Banks as a whole have exhibited sluggish performance followed by an increase in Non-Performing Assets (NPAs) in recent years. As a result, such consolidation or merger of financial institutions can help them ride off troughs with relative ease and bring Indian banks into competition with global banking giants. In the case of DBS-LVB, DBS being Singapore’s largest lender is well-capitalized and has deeper expertise to handle large credits and large NPA, provided the consolidation is well-calibrated and based on sound economic logic.

On the flip side, the merger of a weak bank (here, LVB) with a strong bank (here, DBS) may lead to a weaker merged entity in the event the merger process is handled inadequately.
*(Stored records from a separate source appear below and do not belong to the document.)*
Lemma is_lim_seq_basic_nbhd (u : nat -> R) y :
  (forall j, Rbar_basic_nbhd y j (u j)) -> is_lim_seq u y.
Proof.
  intros Hu. apply is_lim_seq_spec. destruct y as [l| |]; simpl in Hu |- *.
  - intros eps. destruct (archimed_cor1 eps (cond_pos eps)) as [J [HJ HJ0]].
    exists J. intros j Hj. apply Rlt_trans with (/ (INR j + 1)); [apply Hu|].
    apply Rle_lt_trans with (/ INR J); [|exact HJ].
    apply Rinv_le_contravar; [apply lt_0_INR; lia|]. apply le_INR in Hj. lra.
  - intros M. destruct (INR_unbounded M) as [J HJ]. exists J. intros j Hj.
    specialize (Hu j). apply le_INR in Hj. lra.
  - intros M. destruct (INR_unbounded (- M)) as [J HJ]. exists J. intros j Hj.
    specialize (Hu j). apply le_INR in Hj. lra.
Qed.

Lemma cluster_subsequence (u : nat -> R) (Q : nat -> Prop) y :
  (forall P, Rbar_locally y P -> forall N, exists n, (N < n)%nat /\ Q n /\ P (u n)) ->
  exists nj : nat -> nat,
    (forall j, (nj j < nj (S j))%nat) /\ (forall j, Q (nj j)) /\
    is_lim_seq (fun j => u (nj j)) y.
Proof.
  intros Hclu.
  assert (Hpick : forall j N, {n | (N < n)%nat /\ Q n /\ Rbar_basic_nbhd y j (u n)})
    by (intros j N; apply constructive_indefinite_description, Hclu, Rbar_locally_basic_nbhd).
  set (nj := fix nj j :=
         match j with
         | O => proj1_sig (Hpick O O)
         | S j' => proj1_sig (Hpick j (nj j'))
         end).
  assert (Hnj : forall j, Q (nj j) /\ Rbar_basic_nbhd y j (u (nj j)))
    by (intros [|j]; apply (proj2 (proj2_sig (Hpick _ _)))).
  exists nj. split; [|split].
  - intros j. apply (proj1 (proj2_sig (Hpick (S j) (nj j)))).
  - intros j. apply Hnj.
  - apply is_lim_seq_basic_nbhd. intros j. apply Hnj.
Qed.

Theorem lemma7 (x : R) (hx : -1 < x < 1) (hirr : irrational x)
  (r : nat) (hr : (r = 0 \/ r = 1)%nat) (y : Rbar) (hy : abs_ge_pi2 y) :
  exists nj : nat -> nat,
    (forall j, (nj j < nj (S j))%nat) /\
    (forall j, (Nat.modulo (nj j) 2 = r)%nat) /\
    is_lim_seq (fun j => Dn (nj j) x / INR (nj j)) y.
Proof.
  apply (cluster_subsequence (fun n => Dn n x / INR n) (fun n => Nat.modulo n 2 = r)).
  apply Dn_ratio_cluster; [exact hx|exact hirr|lia|exact hy].
Qed.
Issues inflicting the weaker bank such as higher NPAs and capital shortages may get transmitted to the stronger banks due to unduly haste or a mechanical merger process. Moreover, the existence of large-sized stressed banks may lead to systemic implications as the governments almost always bail out banks that are “too big to fail” using taxpayers’ monies.

Finally, in view of the above, the RBI must act preemptively when a financial institution has weakened beyond repair. For instance, in the case of Lakshmi Vilas Bank, its books revealed the need for a rescue for over a year, however; the institution was left high and dry to the point of complete capital erosion.

Therefore, the RBI’s decision to broaden the search beyond a “national team” is a good sign and indicates that the regulator wants control of banking assets to be in strong hands. While such forced mergers may be detrimental to the wealth of bidder banks, time shall reveal whether the DBS-LVB merger is fair and equitable to both banks involved in the merger.